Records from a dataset
Segment Open

Lemma gamma_derive : has_deriv_nonneg (gamma n c) (gamma1 n c).
Proof.
  pose proof x0_pos.
  apply glue_has_deriv; [apply beta_at_x0|apply beta1_at_x0|intros; apply beta_derive|].
  intros x hx. apply alpha_derive; auto; lra.
Qed.

Lemma gamma1_derive : has_deriv_nonneg (gamma1 n c) (gamma2 n c).
Proof.
  pose proof x0_pos.
  apply glue_has_deriv; [apply beta1_at_x0|reflexivity|intros; apply beta1_derive|].
  intros x hx. apply alpha1_derive; auto; lra.
Qed.

Lemma gamma2_continuous : cont_nonneg (gamma2 n c).
Proof.
  pose proof x0_pos.
  apply glue_continuous; [reflexivity|intros; apply continuity_pt_const; now intros ? ?|].
  intros x hx. apply alpha2_continuous; auto; lra.
Qed.

Lemma beta_lower x : x < x0 n c -> x / (INR n - 1) + 2 * c < beta n c x.
Proof.
  intro hx. pose proof x0_pos as ha.
  pose proof (alpha_lower n c hN hc (x0 n c) ha).
  pose proof (alpha1_lt_slope n c hN hc (x0 n c) ha).
  pose proof (alpha2_pos n c hN hc (x0 n c) ha).
  apply Rlt_0_minus. unfold beta. set (a := x0 n c) in *.
  replace (_ - _) with ((alpha n c a - (a / (INR n - 1) + 2 * c))
    + (alpha1 n c a - 1 / (INR n - 1)) * (x - a)
    + alpha2 n c a * (x - a) ^ 2 / 2) by (field; lra).
  assert (0 < (alpha1 n c a - 1 / (INR n - 1)) * (x - a)) by nra.
  assert (0 <= alpha2 n c a * (x - a) ^ 2 / 2) by (pose proof (pow2_ge_0 (x - a)); nra).
  lra.
Qed.

Lemma x_beta1_lt_beta x : 0 <= x < x0 n c -> x * beta1 n c x < beta n c x.
Proof.
  intro hx. pose proof x0_pos as ha.
  pose proof (x_alpha1_lt_alpha n c hN hc (x0 n c) ha).
  pose proof (alpha2_pos n c hN hc (x0 n c) ha).
  apply Rlt_0_minus. unfold beta, beta1. set (a := x0 n c) in *.
  replace (_ - _) with
    ((alpha n c a - a * alpha1 n c a) + alpha2 n c a * (a ^ 2 - x ^ 2) / 2) by field.
  assert (0 < a ^ 2 - x ^ 2) by nra.
  assert (0 < alpha2 n c a * (a ^ 2 - x ^ 2) / 2)
    by (apply Rmult_lt_0_compat; [apply Rmult_lt_0_compat|]; lra).
  lra.
Qed.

Segment Closed

**WHAT THIS TASK INVOLVES:**
Repeat the entries verbatim through the line with "apply glue_continuous; [reflexivity|intros;".

**SOLUTION TO THIS EXERCISE:**
Lemma gamma_derive : has_deriv_nonneg (gamma n c) (gamma1 n c).
Proof.
  pose proof x0_pos.
  apply glue_has_deriv; [apply beta_at_x0|apply beta1_at_x0|intros; apply beta_derive|].
  intros x hx. apply alpha_derive; auto; lra.
Qed.

Lemma gamma1_derive : has_deriv_nonneg (gamma1 n c) (gamma2 n c).
Proof.
  pose proof x0_pos.
  apply glue_has_deriv; [apply beta1_at_x0|reflexivity|intros; apply beta1_derive|].
  intros x hx. apply alpha1_derive; auto; lra.
Qed.

Lemma gamma2_continuous : cont_nonneg (gamma2 n c).
Proof.
  pose proof x0_pos.
  apply glue_continuous; [reflexivity|intros; apply continuity_pt_const; now intros ? ?|].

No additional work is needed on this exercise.